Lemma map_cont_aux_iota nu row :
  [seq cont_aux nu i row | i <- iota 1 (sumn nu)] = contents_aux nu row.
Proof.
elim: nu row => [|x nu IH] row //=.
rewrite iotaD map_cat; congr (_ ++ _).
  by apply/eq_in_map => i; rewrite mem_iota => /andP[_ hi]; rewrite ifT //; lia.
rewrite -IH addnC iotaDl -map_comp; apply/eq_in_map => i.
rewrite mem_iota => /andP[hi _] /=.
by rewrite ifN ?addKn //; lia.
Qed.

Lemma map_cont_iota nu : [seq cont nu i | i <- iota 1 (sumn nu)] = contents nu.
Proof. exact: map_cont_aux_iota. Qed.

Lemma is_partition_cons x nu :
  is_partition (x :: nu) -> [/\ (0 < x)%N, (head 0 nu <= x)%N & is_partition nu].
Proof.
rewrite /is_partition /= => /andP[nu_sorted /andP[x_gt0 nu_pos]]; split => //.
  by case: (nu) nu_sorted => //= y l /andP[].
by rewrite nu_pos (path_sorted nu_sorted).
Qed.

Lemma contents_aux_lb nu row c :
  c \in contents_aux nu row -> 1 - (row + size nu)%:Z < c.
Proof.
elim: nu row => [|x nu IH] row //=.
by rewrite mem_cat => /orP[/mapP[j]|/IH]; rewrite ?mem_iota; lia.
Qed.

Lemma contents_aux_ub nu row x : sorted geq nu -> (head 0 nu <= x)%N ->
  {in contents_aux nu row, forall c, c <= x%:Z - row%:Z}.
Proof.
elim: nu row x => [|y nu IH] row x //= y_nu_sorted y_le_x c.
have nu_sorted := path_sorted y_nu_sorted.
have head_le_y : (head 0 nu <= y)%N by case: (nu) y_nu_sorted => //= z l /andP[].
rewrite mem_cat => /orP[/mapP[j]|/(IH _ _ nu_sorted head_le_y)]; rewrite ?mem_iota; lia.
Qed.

————————

Each record must be returned exactly as it is written.

REPLY
Lemma map_cont_aux_iota nu row :
  [seq cont_aux nu i row | i <- iota 1 (sumn nu)] = contents_aux nu row.
Proof.
elim: nu row => [|x nu IH] row //=.
rewrite iotaD map_cat; congr (_ ++ _).
  by apply/eq_in_map => i; rewrite mem_iota => /andP[_ hi]; rewrite ifT //; lia.
rewrite -IH addnC iotaDl -map_comp; apply/eq_in_map => i.
rewrite mem_iota => /andP[hi _] /=.
by rewrite ifN ?addKn //; lia.
Qed.

Lemma map_cont_iota nu : [seq cont nu i | i <- iota 1 (sumn nu)] = contents nu.
Proof. exact: map_cont_aux_iota. Qed.

Lemma is_partition_cons x nu :
  is_partition (x :: nu) -> [/\ (0 < x)%N, (head 0 nu <= x)%N & is_partition nu].
Proof.
rewrite /is_partition /= => /andP[nu_sorted /andP[x_gt0 nu_pos]]; split => //.
  by case: (nu) nu_sorted => //= y l /andP[].
by rewrite nu_pos (path_sorted nu_sorted).
Qed.

Lemma contents_aux_lb nu row c :
  c \in contents_aux nu row -> 1 - (row + size nu)%:Z < c.
Proof.
elim: nu row => [|x nu IH] row //=.
by rewrite mem_cat => /orP[/mapP[j]|/IH]; rewrite ?mem_iota; lia.
Qed.

Lemma contents_aux_ub nu row x : sorted geq nu -> (head 0 nu <= x)%N ->
  {in contents_aux nu row, forall c, c <= x%:Z - row%:Z}.
Proof.
elim: nu row x => [|y nu IH] row x //= y_nu_sorted y_le_x c.
have nu_sorted := path_sorted y_nu_sorted.
have head_le_y : (head 0 nu <= y)%N by case: (nu) y_nu_sorted => //= z l /andP[].
rewrite mem_cat => /orP[/mapP[j]|/(IH _ _ nu_sorted head_le_y)]; rewrite ?mem_iota; lia.
Qed.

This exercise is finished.